The publication initially carried four pages of advertising, but by 1872, advertisers began dropping off despite threats. The Weekly also blackmailed celebrities and politicians, justifying the articles by saying women must protect themselves if laws and the justice system wouldn't.

Throughout its run, the publication chiefly promoted Woodhull's political and reform ambitions, making it the primary propaganda vehicle for Woodhull when she ran for president in 1872.

On December 30, 1871, the Weekly was the first in the United States to publish Karl Marx and Frederich Engels's The Communist Manifesto, in English. Woodhull and Claflin felt that the document was important in the context of the progress that the International Workingman's Association was making at the time.

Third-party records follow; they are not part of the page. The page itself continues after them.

(* Let $\mathcal{B}=\{e_k\}_{k=1}^\infty$ be a seminormalized quasi-greedy basis of a real Banach space $\mathbb{B}$ with quasi-greedy constant $K$. There is a constant $C>0$, independent of $\Gamma$ and $x$, such that for every finite $\Gamma\subset\mathbb N$ and every $x\in\mathbb B$, $$\|S_\Gamma(x)\|_{\mathbb B}\le C\,(8K^4)\Big(\sum_{k=1}^{|\Gamma|}\mu(k)\frac1k\Big)\|x\|_{\mathbb B}.$$
   Context: $\mathcal B$ seminormalized: $0<\inf_k\|e_k\|\le\sup_k\|e_k\|<\infty$; each $x$ has unique expansion $x=\sum_k a_k(x)e_k$, and $S_\Gamma(x)=\sum_{k\in\Gamma}a_k(x)e_k$. For a greedy ordering $\pi$ of $x$ (bijection with $|a_{\pi(k)}(x)|$ nonincreasing), $G_N(x)=\sum_{k=1}^N a_{\pi(k)}(x)e_{\pi(k)}$. Quasi-greedy means $G_N(x)\to x$ for all $x$; $K$ is the least constant with $\|G_N(x)\|\le K\|x\|$ and $\|x-G_N(x)\|\le K\|x\|$ for all $x,N$. $h_r(N)=\sup_{|\Gamma|=N}\|\sum_{k\in\Gamma}e_k\|$, $h_l(N)=\inf_{|\Gamma|=N}\|\sum_{k\in\Gamma}e_k\|$, $\mu(N)=\sup_{1\le k\le N}h_r(k)/h_l(k)$. *)

From mathcomp Require Import all_boot all_order all_algebra.
From mathcomp Require Import all_classical all_reals all_analysis.
Set Implicit Arguments. Unset Strict Implicit. Unset Printing Implicit Defensive.
Import Order.TTheory GRing.Theory Num.Theory.
Import numFieldNormedType.Exports.
Local Open Scope classical_set_scope.
Local Open Scope ring_scope.

Section Defs.
Variables (R : realType) (V : normedModType R).

Definition partial_sum (e : nat -> V) (b : nat -> R) (n : nat) : V :=
  \sum_(k < n) b k *: e k.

=== Henry Ward Beecher scandal ===
On November 2, 1872, Woodhull & Claflin's Weekly published a story featuring Henry Ward Beecher's affair with Theodore Tilton's wife, Elizabeth Richards Tilton. The article made detailed allegations that America's most renowned clergyman was secretly practicing the free-love doctrines that he denounced from the pulpit. The story created a national sensation, and issues were said to have changed hands at 40 dollars apiece. Later that day, Woodhull, Claflin and Col. Blood were arrested and charged with publishing an obscene newspaper and circulating it through the United States Postal Service. In the raid, 3,000 copies of the newspaper were found. It was this arrest and Woodhull's acquittal that propelled Congress to pass the 1873 Comstock Laws. On May 17, 1873, the entire Beecher article was reprinted.

In 1874, Woodhull, Claflin and Col. Blood were brought to court again and sued for libel against Luther C. Challis who was also featured in the same issue. The wealthy broker who knew the women when they were on Wall Street was accused of seducing two young girls. The trial lasted ten days and the trio were found not guilty by the jury.